"Karena sesuai PP/12/2018 tentang tata tertib DPRD kabupaten/kota dan diturunkan melalui tata tertib DPRD Samarinda nomor 1 tahun 2019. Pembahasan Raperda RTRW wajib dihadiri 2 per 3. Masalahnya, poin 2 per 3-nya tidak terpenuhi, sehingga sifatnya tidak kuorum (menentukan putusa). Kemudian bagaimana? Maka rapat tidak bisa dilanjutkan," paparnya.

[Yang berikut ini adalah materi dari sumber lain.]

(* Let $T$ be a decomposition tree of a distance-hereditary graph $G$, and let $v$ be an internal node of $T$ labeled $\otimes$ with left child $v_l$ and right child $v_r$, such that property (P) holds at $v_l$ and at $v_r$. Then $$\hat\alpha(v)=\begin{cases}\hat\alpha(v_l)-\hat\beta(v_r) & \text{if } \hat\alpha(v_l)>\hat\beta(v_r),\\ \hat\alpha(v_r)-\hat\beta(v_l) & \text{if } \hat\alpha(v_r)>\hat\beta(v_l),\\ |\hat\alpha(v_l)-\hat\alpha(v_r)| \bmod 2 & \text{otherwise.}\end{cases}$$
   Context: All graphs are finite, simple, undirected. For a graph $H$ and $S\subseteq V(H)$, $N_H[S]$ is $S$ together with all vertices adjacent to a vertex of $S$, and $H[S]$ is the induced subgraph. Graphs carry a ''twin set'': a single-vertex graph on $x$ has twin set $\{x\}$. For vertex-disjoint graphs $G_l,G_r$ with twin sets $TS(G_l),TS(G_r)$: the true twin operation $G_l\otimes G_r$ has vertex set $V(G_l)\cup V(G_r)$, edge set $E(G_l)\cup E(G_r)\cup\{uw: u\in TS(G_l), w\in TS(G_r)\}$ and twin set $TS(G_l)\cup TS(G_r)$; the false twin operation $G_l\odot G_r$ has vertex set $V(G_l)\cup V(G_r)$, edge set $E(G_l)\cup E(G_r)$, twin set $TS(G_l)\cup TS(G_r)$; the attachment operation $G_l\oplus G_r$ has the same vertex and edge sets as $G_l\otimes G_r$ and twin set $TS(G_l)$. A decomposition tree $T$ of $G$ is a rooted binary tree whose leaves are in bijection with $V(G)$, each internal node having a left and a right child and a label in $\{\otimes,\odot,\oplus\}$; for each node $v$ define $\hat G(v)$ and $\hat{TS}(v)$ recursively: for a leaf $x$, the single-vertex graph on $x$ with twin set $\{x\}$; for an internal node $v$ with label $\circ$ and children $v_l,v_r$, $\hat G(v)=\hat G(v_l)\circ\hat G(v_r)$ with the corresponding twin set; one requires $\hat G(\text{root})=G$. Then $\hat G(v)$ is the subgraph of $G$ induced by the set $\hat V(v)$ of leaves below $v$. For a node $u$ and $0\le k\le|\hat{TS}(u)|$, call $S\subseteq\hat V(u)$ $k$-feasible if $\hat V(u)\setminus\hat{TS}(u)\subseteq N_{\hat G(u)}[S]$ and there is $X\subseteq S\cap\hat{TS}(u)$ with $|X|=k$ such that $\hat G(u)[S\setminus X]$ has a perfect matching. $\hat\gamma_k(u)$ is the minimum size of a $k$-feasible set. $\hat{min}(u)=\min\{\hat\gamma_k(u):0\le k\le|\hat{TS}(u)|\}$, and $\hat\alpha(u)$, $\hat\beta(u)$ are the smallest and the largest $k$ with $\hat\gamma_k(u)=\hat{min}(u)$. Property (P) holds at $u$ if for every $0\le k\le|\hat{TS}(u)|$: $\hat\gamma_k(u)=\hat{min}(u)+\hat\alpha(u)-k$ when $k\le\hat\alpha(u)$; $\hat\gamma_k(u)=\hat{min}(u)+k-\hat\beta(u)$ when $k\ge\hat\beta(u)$; $\hat\gamma_k(u)=\hat{min}(u)$ when $\hat\alpha(u)<k<\hat\beta(u)$ and $k-\hat\alpha(u)$ is even; and $\hat\gamma_k(u)=\hat{min}(u)+1$ otherwise. *)

From mathcomp Require Import all_boot.
Set Implicit Arguments. Unset Strict Implicit. Unset Printing Implicit Defensive.

Definition walk_in (V : finType) (e : rel V) (S : {set V}) (u w : V) (n : nat) : Prop :=
  exists p : seq V, [/\ size p = n, path e u p, last u p = w & all (fun x => x \in S) (u :: p)].

(* distance-hereditary: in every induced subgraph G[S], any two vertices that are
   connected in G[S] have the same distance in G[S] as in G
   (dist_{G[S]} >= dist_G always holds, so we require dist_{G[S]} <= dist_G). *)
Definition distance_hereditary (V : finType) (e : rel V) : Prop :=
  forall (S : {set V}) (u w : V) (n m : nat),
    walk_in e S u w n -> walk_in e [set: V] u w m ->
    exists n', n' <= m /\ walk_in e S u w n'.

Inductive dop := TrueTwin | FalseTwin | Attach.

Inductive dtree (V : Type) :=
| Leaf of V
| Node of dop & dtree V & dtree V.

Arguments Leaf {V}.
Arguments Node {V}.

Section Hat.
Variable V : finType.

Fixpoint dleaves (t : dtree V) : seq V :=
  match t with Leaf x => [:: x] | Node _ l r => dleaves l ++ dleaves r end.

Fixpoint dV (t : dtree V) : {set V} :=
  match t with Leaf x => [set x] | Node _ l r => dV l :|: dV r end.

Fixpoint dTS (t : dtree V) : {set V} :=
  match t with
  | Leaf x => [set x]
  | Node Attach l _ => dTS l
  | Node _ l r => dTS l :|: dTS r
  end.

Fixpoint dE (t : dtree V) (u w : V) : bool :=
  match t with
  | Leaf _ => false
  | Node o l r =>
      [|| dE l u w, dE r u w
        | match o with FalseTwin => false | _ =>
            ((u \in dTS l) && (w \in dTS r)) || ((w \in dTS l) && (u \in dTS r)) end]
  end.

Definition decomp_tree (e : rel V) (T : dtree V) : Prop :=
  [/\ uniq (dleaves T), (forall x : V, x \in dleaves T) & (forall u w, e u w = dE T u w)].

Fixpoint is_node (s t : dtree V) : Prop :=
  s = t \/ match t with Leaf _ => False | Node _ l r => is_node s l \/ is_node s r end.

Definition cnbh (t : dtree V) (S : {set V}) : {set V} :=
  S :|: [set x | [exists y in S, dE t x y]].

Definition has_pm (t : dtree V) (W : {set V}) : bool :=
  [exists M : {set {set V}},
     [forall m in M, [exists x in W, [exists y in W,
        (m == [set x; y]) && (x != y) && dE t x y]]]
     && [forall x in W, #|[set m in M | x \in m]| == 1]].

Definition kfeasible (k : nat) (t : dtree V) (S : {set V}) : bool :=
  [&& S \subset dV t, (dV t :\: dTS t) \subset cnbh t S &
     [exists X : {set V},
        [&& X \subset S :&: dTS t, #|X| == k & has_pm t (S :\: X)]]].

(* "infinity": strictly larger than the size of any set of vertices *)
Definition infty : nat := #|V|.+1.

(* \hat\gamma_k(t): minimum size of a k-feasible set (infty if none) *)
Definition hgamma (k : nat) (t : dtree V) : nat :=
  \big[minn/infty]_(S : {set V} | kfeasible k t S) #|S|.

Definition hmin (t : dtree V) : nat :=
  \big[minn/infty]_(k < #|dTS t|.+1) hgamma k t.

Definition argks (t : dtree V) : seq nat :=
  [seq k <- iota 0 (#|dTS t|.+1) | hgamma k t == hmin t].

Definition halpha (t : dtree V) : nat := head 0 (argks t).
Definition hbeta (t : dtree V) : nat := last 0 (argks t).

Definition propP (t : dtree V) : Prop :=
  forall k, k <= #|dTS t| ->
    hgamma k t =
      if k <= halpha t then hmin t + halpha t - k
      else if hbeta t <= k then hmin t + k - hbeta t
      else if ~~ odd (k - halpha t) then hmin t
      else (hmin t).+1.

End Hat.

Karena batal dan tidak sahnya paripurna tersebut, maka dengan batas limitasi dan legitimasi yang ada, pemerintah lantas mengambil keputusan untuk mengesahkannya. Hal itu dilakukan atas dasar PP/1/2021 dan atas dasar Permendagri.
"Pada pokoknya, mengatur tentang diperbolehkannya wali kota mengesahkan sepihak dengan dibikinnya berita acara karena gagalnya paripurna mengambil keputusan. Ini sudah disinkronisasi dengan provinsi," tekannya.
"Ini enggak bisa kita tunda. Kecuali ada kepentingan di luar kepentingan bangsa dan negara," pungkasnya.